The AB_TEST command calculates a number of useful statistics for comparing groups, including statistical significance and a p-value, to determine if the two or more groups are significantly different. This method is most commonly applied to A/B testing, but can be used for any kind of statistical testing. This includes multiple groups, A/B/C testing, and comparing numerical or categorical.

The AB_TEST command takes two inputs: the target column (the column we wish to compare, e.g. conversion, churn, click-through-rate), and the treatment column (i.e. the group they belong to - A/B, gender, location... whatever you wish!). By default, the treatment column is assumed to be treatment, and needs to be specified otherwise.

The output will contain several new columns, which are explained in the Returns sections below.

Technical details:

  • numeric: T-test for the means of two independent samples of scores.
  • categorical: Chi-squared test of independence of variables..

Syntax

AB_TEST(<column_name>, [treatment=<column_name>>])

Options

  • treatment can be used to specify the column defining the group (A/B, gender, etc).

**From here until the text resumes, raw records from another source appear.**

Lemma sum_layer (R : nzSemiRingType) (f : bool -> R) :
  (\sum_(v : union_vtx k) f (layer v) = (\sum_i k i)%N%:R * (f false + f true))%R.
Proof.
rewrite (partition_big (fun v : union_vtx k => tag v) xpredT) //=.
rewrite natr_sum big_distrl /=; apply: eq_bigr => i _.
have -> : (\sum_(v : union_vtx k | tag v == i) f (layer v) =
    \sum_(q : ('I_(k i) * bool)%type) f q.2)%R.
  rewrite (big_tag (fun i (q : ('I_(k i) * bool)%type) => f q.2) i).
  apply: eq_big => // v /eqP vi; rewrite (untagE _ _ vi).
  by case: v vi => j q /= ji; subst j.
rewrite -(pair_bigA _ (fun _ b => f b)) /=.
under eq_bigr => q _ do rewrite big_bool /=.
by rewrite sumr_const card_ord mulr_natl addrC.
Qed.

End Cells.

Section Adjacency.
Variable a : seq nat.
Hypothesis a_gt0 : all (fun d => 0 < d)%N a.

Definition wmax := (\max_(d <- a) d)%N.

Lemma mem_wmax d : d \in a -> (0 < d <= wmax)%N.
Proof.
by move=> da; rewrite (allP a_gt0 d da) (@leq_bigmax_seq _ a xpredT id d).
Qed.

Lemma F_adj_sym K : symmetric (F_adj a K).
Proof.
by move=> y z; rewrite /F_adj eq_sym; congr (_ && _); apply: eq_has => r; apply: orbC.
Qed.

Lemma F_adj_mod (K : nat) (z q : 'I_K) : (wmax < K)%N ->
  F_adj a K z q =
  has (fun d => (z%:Z == q%:Z + d%:Z %[mod K]) || (z%:Z == q%:Z - d%:Z %[mod K]))%Z a.
Proof.
move=> wK; rewrite /F_adj.
have small d : d \in a ->
    (z%:Z == q%:Z + d%:Z %[mod K])%Z || (z%:Z == q%:Z - d%:Z %[mod K])%Z -> z != q.
  move=> /mem_wmax da; apply: contraTN => /eqP ->.
  by rewrite !eqz_mod_small ?negb_or; [apply/andP; split; apply/eqP | lia | lia]; lia.
under eq_has => d do rewrite !eqn_mod_addBz ?(ltnW (ltn_ord _)) // [X in _ || X]eqz_mod_subr.
by apply/andP/idP => [[] // | /hasP [d da h]]; split; [exact: small d da h | apply/hasP; exists d].
Qed.

Definition nbhd_offsets (b : bool) : seq (int * bool) :=
  if b then [:: (0%R, false)]
  else (0%R, true) :: [seq ((d%:Z)%R, false) | d <- a] ++ [seq ((- d%:Z)%R, false) | d <- a].

Definition nbhd_cells (c : int * bool) : seq (int * bool) :=
  [seq ((c.1 + o.1)%R, o.2) | o <- nbhd_offsets c.2].

Lemma nbhd_cells_bound c o : o \in nbhd_cells c -> (`|o.1| <= `|c.1| + wmax)%N.
Proof.
case/mapP => -[e b] + -> /=; rewrite /nbhd_offsets; case: c.2 => /=.
  by rewrite inE => /eqP [-> _]; lia.
rewrite inE mem_cat => /orP [/eqP [-> _] | /orP [] /mapP [d /mem_wmax da [-> _]]]; lia.
Qed.

Section Union.
Variables (s : nat) (k : 'I_s -> nat).

Lemma union_adj_irr : irreflexive (@union_adj a s k).
Proof. by case=> i [q []]; rewrite /union_adj /Fbar_adj /= ?andbF // /F_adj !eqxx. Qed.

Lemma union_adj_sym : symmetric (@union_adj a s k).
Proof.
case=> i [q b] [j [z c]]; rewrite /union_adj /=.
case: eqP => [ij | ne]; last by case: eqP => // /esym /ne.
subst j; rewrite eqxx /Fbar_adj /=.
by case: b; case: c; rewrite //= 1?F_adj_sym // eq_sym.
Qed.

Lemma num_indep_count n : num_indep a n k = count_indep (@union_adj a s k) n set0.
Proof.
by apply: eq_card => S; rewrite !inE -setI_eq0 setI0 eqxx andbT.
Qed.

Lemma nbhd_in_cell i p c v : (wmax < k i)%N -> in_cell i p c v ->
  nbhd (@union_adj a s k) v = cells k i p (nbhd_cells c).
Proof.
case: v => j [q b]; case: c => o b' wK /and3P [/= /eqP ji /eqP bb hq]; subst j b'.
apply/setP => -[j [z c]]; rewrite !inE union_adj_sym orbb /union_adj /=.
case: (eqVneq j i) => [ji | ji] /=; last first.
  by apply/esym/hasPn => e _; rewrite /in_cell /= (negbTE ji).
subst j; rewrite /cells /nbhd_cells has_map /in_cell /pos /layer /=.
have shift e : (z%:Z == p%:Z + (o + e) %[mod k i])%Z = (z%:Z == q%:Z + e %[mod k i])%Z.
  by rewrite addrA; apply: eqz_mod_shift hq.
have zq : (z%:Z == q%:Z + 0 %[mod k i])%Z = (z == q).
  by rewrite eqz_mod_small ?addr0 ?eqz_nat //; have := ltn_ord z; have := ltn_ord q; lia.
under eq_has => e do rewrite /= eqxx shift.
clear hq; case: b; case: c;
  rewrite /Fbar_adj /= ?has_cat ?has_map /preim /= ?zq ?has_pred0 ?orbF //; try exact: eq_sym.
by rewrite F_adj_mod // -has_predU.
Qed.

Lemma count_cells_split m i p c A : (wmax < k i)%N -> c \notin A ->
  {in A, forall c', `|c.1 - c'.1| < k i}%N ->
  count_indep (@union_adj a s k) m.+1 (cells k i p A) =
  (count_indep (@union_adj a s k) m.+1 (cells k i p (c :: A)) +
   count_indep (@union_adj a s k) m (cells k i p (c :: nbhd_cells c ++ A)))%N.
Proof.
move=> wK cA near.
have [v hv] := in_cell1 p c (leq_ltn_trans (leq0n _) wK).
have vc : in_cell i p c v by have := set11 v; rewrite -hv inE.
have vA : v \notin cells k i p A.
  apply/negP; rewrite inE => /hasP [c' c'A vc'].
  by move: cA; rewrite (in_cell_inj (near c' c'A) vc vc') c'A.
rewrite !cells_cons cells_cat hv -(nbhd_in_cell wK vc) [nbhd _ v :|: _]setUC.
by rewrite (count_indep_split union_adj_irr m vA).
Qed.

Default is treatment.

Returns

Returns several statistical outputs below, allowing you to quickly determine if the groups are significantly different to one another:

  • numeric:
    • count - total number of valid (non-NULL) values in column
    • mean - mean value of outcome for each treatment
    • mean_upper - 95th percentile confidence interval on the mean value of outcome for each treatment
    • mean_lower - 5th percentile confidence interval on the mean value of outcome for each treatment
    • indexing - relative index of the treatment mean compared to all treatments
    • p_value - the p-value calculated by the statistical test (independent t-test)
    • stat_sig - if statistically significant (p_value < 0.05) then returns 1, else 0.
  • categorical:
    • count - total number of valid (non-NULL) values in column
    • percentage - percentage of outcome for each treatment
    • percentage_upper - 95th percentile confidence interval on the percentage of outcome for each treatment
    • percentage_lower - 5th percentile confidence interval on the percentage of outcome for each treatment
    • indexing - relative index of the treatment percentage compared to all treatments
    • p_value - the p-value calculated by the statistical test (chi-squared)
    • stat_sig - if statistically significant (p_value < 0.05) then returns 1, else 0.

Examples

A/B test to see if a new feature increases usage.

SELECT * FROM user AB_TEST(total_hours_active_per_week, treatment=feature_group)

Statistical test to see gender affects the types of products users buy.

SELECT * FROM user AB_TEST(product_category, treatment=gender)